Assignment:
Every line with the string "Cconv" must be copied from the entries below.

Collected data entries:
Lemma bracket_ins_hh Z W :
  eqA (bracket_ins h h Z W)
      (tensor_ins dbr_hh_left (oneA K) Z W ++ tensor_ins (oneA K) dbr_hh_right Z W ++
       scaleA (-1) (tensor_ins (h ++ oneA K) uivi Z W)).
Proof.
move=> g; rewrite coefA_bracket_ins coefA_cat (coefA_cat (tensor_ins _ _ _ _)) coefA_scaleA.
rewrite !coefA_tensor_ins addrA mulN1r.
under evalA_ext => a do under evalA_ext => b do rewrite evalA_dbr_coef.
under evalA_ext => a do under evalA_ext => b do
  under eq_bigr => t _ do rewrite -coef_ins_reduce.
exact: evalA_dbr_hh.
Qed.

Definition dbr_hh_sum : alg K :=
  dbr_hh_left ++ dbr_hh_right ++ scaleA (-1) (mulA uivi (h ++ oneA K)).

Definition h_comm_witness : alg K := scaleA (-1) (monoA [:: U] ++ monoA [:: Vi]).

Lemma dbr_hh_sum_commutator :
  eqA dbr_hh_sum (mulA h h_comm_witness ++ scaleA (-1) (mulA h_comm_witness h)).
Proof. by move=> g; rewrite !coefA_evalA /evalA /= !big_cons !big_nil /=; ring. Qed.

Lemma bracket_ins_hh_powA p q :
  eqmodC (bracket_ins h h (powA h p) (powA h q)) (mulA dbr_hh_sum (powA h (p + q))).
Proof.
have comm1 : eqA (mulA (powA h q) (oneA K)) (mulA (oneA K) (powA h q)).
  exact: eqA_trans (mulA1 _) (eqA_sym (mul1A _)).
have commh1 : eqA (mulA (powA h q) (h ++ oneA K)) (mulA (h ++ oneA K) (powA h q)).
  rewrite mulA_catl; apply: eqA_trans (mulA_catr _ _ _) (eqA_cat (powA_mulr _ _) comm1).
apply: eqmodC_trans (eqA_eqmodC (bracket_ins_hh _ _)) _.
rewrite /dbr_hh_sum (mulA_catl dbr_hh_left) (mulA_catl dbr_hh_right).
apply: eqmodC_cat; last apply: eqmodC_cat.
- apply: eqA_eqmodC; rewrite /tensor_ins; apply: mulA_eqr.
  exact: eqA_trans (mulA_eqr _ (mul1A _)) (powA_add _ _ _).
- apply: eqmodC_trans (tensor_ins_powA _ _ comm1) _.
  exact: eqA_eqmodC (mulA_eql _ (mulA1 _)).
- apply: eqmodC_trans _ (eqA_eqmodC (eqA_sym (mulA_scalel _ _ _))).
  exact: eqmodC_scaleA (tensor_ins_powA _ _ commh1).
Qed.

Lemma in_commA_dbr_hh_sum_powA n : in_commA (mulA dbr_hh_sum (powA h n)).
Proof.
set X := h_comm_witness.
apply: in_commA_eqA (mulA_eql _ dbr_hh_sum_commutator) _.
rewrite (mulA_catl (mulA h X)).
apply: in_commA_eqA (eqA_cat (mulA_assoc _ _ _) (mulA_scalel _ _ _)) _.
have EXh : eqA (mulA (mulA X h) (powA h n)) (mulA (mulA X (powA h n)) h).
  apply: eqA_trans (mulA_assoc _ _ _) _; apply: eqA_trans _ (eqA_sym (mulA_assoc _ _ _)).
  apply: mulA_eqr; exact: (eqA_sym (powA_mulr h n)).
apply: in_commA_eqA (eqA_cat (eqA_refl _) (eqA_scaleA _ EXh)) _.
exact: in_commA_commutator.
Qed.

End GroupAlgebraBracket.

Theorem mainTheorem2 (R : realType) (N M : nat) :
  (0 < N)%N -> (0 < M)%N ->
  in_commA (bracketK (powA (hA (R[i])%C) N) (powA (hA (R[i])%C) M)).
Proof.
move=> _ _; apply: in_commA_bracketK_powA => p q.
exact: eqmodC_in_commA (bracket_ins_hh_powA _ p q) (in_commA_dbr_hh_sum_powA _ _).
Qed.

--

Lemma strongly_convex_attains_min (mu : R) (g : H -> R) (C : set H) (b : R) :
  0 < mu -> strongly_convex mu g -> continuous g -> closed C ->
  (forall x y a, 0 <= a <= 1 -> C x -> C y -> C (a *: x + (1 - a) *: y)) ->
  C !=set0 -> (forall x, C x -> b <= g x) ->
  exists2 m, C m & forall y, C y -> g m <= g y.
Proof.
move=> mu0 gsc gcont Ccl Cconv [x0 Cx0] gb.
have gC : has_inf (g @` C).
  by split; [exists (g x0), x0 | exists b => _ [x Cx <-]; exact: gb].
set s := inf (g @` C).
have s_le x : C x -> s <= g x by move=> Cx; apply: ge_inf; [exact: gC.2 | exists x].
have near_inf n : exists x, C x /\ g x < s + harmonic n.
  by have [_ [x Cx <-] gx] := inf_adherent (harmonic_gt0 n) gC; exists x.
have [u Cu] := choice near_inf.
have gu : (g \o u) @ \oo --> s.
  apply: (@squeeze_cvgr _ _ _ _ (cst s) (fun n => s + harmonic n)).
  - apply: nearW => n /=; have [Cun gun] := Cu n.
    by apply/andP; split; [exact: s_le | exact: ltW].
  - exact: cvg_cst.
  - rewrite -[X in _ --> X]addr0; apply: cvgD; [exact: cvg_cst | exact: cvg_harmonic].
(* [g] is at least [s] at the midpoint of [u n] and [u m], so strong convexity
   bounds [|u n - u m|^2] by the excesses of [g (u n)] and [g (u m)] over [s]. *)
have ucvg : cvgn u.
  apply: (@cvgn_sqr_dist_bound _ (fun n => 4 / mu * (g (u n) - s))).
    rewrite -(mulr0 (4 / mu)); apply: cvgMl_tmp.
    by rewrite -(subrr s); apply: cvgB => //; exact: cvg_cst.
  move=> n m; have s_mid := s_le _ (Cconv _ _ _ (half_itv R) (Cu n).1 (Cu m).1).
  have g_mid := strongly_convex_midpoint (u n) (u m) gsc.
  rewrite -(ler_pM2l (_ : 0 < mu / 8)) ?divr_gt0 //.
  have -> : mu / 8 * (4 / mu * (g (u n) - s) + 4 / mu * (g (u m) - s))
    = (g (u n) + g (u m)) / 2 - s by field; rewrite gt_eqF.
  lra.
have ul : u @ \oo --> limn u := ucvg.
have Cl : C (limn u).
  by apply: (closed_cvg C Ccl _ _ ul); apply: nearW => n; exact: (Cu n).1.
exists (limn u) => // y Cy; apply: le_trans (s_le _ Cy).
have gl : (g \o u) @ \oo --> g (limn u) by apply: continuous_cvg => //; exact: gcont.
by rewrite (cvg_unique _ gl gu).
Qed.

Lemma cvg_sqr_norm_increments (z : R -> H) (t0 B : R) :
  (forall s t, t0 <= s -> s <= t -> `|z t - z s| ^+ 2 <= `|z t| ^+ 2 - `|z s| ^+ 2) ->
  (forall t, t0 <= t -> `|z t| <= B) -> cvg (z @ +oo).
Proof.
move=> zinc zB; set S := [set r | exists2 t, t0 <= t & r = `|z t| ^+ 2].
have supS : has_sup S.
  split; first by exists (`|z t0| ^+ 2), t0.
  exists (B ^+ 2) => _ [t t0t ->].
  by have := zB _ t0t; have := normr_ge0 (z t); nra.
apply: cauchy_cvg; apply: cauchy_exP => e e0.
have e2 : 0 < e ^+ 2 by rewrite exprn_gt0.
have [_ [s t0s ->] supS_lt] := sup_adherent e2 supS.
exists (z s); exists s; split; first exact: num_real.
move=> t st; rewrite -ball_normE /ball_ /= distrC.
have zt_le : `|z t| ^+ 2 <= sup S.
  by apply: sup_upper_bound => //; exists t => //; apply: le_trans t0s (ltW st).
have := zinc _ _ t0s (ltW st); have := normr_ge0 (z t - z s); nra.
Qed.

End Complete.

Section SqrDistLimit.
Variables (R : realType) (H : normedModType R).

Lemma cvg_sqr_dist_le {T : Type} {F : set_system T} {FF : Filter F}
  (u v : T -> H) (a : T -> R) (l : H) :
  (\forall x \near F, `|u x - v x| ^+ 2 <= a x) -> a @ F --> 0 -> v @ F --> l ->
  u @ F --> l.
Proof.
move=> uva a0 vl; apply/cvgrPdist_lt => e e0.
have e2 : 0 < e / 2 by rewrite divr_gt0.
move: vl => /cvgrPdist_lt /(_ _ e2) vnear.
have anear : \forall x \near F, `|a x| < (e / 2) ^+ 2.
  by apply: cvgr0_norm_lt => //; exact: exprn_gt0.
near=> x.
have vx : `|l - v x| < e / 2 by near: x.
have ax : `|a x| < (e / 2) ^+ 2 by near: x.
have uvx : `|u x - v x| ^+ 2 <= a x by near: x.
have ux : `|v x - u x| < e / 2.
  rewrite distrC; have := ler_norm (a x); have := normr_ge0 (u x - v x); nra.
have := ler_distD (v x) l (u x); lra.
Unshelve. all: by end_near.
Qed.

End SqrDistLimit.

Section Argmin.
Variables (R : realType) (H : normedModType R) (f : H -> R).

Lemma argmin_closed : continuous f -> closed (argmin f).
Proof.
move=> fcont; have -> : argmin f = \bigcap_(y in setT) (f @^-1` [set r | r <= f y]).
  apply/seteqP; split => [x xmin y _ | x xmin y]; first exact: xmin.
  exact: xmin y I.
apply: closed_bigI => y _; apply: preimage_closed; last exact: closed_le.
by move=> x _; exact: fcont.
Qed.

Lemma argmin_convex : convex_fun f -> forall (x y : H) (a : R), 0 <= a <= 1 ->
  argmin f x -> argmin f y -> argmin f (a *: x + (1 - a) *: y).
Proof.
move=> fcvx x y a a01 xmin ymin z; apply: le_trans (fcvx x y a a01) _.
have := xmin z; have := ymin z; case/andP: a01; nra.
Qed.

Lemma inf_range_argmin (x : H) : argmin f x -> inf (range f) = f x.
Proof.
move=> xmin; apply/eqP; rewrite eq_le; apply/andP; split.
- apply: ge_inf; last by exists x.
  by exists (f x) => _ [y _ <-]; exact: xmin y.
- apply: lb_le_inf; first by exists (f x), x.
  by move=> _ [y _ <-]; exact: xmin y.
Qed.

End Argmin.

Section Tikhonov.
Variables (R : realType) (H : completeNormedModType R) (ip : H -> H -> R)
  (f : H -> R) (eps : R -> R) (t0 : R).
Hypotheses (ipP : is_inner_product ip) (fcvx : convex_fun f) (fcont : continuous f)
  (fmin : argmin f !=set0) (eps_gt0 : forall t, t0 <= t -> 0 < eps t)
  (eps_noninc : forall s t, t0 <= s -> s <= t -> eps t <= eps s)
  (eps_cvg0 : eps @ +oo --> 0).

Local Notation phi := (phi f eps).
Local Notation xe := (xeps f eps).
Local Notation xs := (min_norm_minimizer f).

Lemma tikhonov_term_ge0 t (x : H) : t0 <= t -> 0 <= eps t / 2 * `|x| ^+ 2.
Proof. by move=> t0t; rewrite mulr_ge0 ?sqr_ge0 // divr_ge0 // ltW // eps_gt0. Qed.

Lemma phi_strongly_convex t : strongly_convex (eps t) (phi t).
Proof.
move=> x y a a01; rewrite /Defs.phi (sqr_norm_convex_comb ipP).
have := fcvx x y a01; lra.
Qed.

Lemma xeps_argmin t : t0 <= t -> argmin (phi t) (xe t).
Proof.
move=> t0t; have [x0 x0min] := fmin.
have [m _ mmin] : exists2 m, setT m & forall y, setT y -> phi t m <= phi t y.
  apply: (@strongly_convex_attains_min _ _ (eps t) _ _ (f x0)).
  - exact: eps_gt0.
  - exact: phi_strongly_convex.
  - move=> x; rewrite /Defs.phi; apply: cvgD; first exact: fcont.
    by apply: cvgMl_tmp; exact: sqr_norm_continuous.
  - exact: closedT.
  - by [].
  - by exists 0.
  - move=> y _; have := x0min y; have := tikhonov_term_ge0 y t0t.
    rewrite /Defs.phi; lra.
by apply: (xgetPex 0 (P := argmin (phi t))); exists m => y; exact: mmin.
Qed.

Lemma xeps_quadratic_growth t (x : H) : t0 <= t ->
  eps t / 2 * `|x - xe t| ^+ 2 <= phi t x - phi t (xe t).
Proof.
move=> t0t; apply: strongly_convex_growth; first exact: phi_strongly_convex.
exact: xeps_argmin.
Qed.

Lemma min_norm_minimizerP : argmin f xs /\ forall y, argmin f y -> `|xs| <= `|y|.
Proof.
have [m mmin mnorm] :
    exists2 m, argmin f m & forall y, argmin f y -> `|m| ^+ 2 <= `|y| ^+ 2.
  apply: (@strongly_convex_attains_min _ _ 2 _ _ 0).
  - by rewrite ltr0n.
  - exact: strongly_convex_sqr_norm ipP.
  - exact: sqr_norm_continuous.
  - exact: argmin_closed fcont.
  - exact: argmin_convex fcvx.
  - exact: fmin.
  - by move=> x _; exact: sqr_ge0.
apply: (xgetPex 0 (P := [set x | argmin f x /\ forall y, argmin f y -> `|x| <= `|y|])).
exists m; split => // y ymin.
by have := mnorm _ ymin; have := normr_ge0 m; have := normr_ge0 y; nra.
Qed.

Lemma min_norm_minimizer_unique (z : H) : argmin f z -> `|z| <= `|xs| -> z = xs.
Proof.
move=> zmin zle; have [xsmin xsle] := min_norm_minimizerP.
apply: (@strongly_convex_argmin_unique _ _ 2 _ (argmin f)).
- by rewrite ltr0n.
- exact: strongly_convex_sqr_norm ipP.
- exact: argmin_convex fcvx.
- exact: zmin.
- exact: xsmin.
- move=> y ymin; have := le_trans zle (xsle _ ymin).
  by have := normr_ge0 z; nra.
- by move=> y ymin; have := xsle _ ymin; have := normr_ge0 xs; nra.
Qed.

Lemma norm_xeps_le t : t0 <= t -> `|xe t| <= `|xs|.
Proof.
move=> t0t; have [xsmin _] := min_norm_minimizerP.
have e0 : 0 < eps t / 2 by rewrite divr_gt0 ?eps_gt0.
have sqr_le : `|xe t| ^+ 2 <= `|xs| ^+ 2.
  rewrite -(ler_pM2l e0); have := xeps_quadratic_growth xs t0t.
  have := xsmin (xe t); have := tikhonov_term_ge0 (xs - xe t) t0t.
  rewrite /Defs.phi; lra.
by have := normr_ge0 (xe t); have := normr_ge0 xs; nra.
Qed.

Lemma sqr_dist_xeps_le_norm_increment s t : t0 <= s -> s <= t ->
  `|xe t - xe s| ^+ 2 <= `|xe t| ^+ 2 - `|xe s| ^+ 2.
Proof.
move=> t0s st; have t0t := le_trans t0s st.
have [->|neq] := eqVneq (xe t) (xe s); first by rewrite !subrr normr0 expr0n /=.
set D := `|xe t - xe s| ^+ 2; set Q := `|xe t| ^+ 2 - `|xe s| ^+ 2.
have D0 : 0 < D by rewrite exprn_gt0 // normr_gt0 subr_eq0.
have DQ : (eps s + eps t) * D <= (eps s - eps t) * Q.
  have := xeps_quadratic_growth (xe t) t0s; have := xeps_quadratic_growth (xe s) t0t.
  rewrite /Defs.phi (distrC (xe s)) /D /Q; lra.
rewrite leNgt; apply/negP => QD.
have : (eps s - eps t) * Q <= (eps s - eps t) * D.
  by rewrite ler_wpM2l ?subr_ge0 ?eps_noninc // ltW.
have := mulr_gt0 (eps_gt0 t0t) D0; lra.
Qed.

Response area:
move=> mu0 gsc gcont Ccl Cconv [x0 Cx0] gb.
  move=> n m; have s_mid := s_le _ (Cconv _ _ _ (half_itv R) (Cu n).1 (Cu m).1).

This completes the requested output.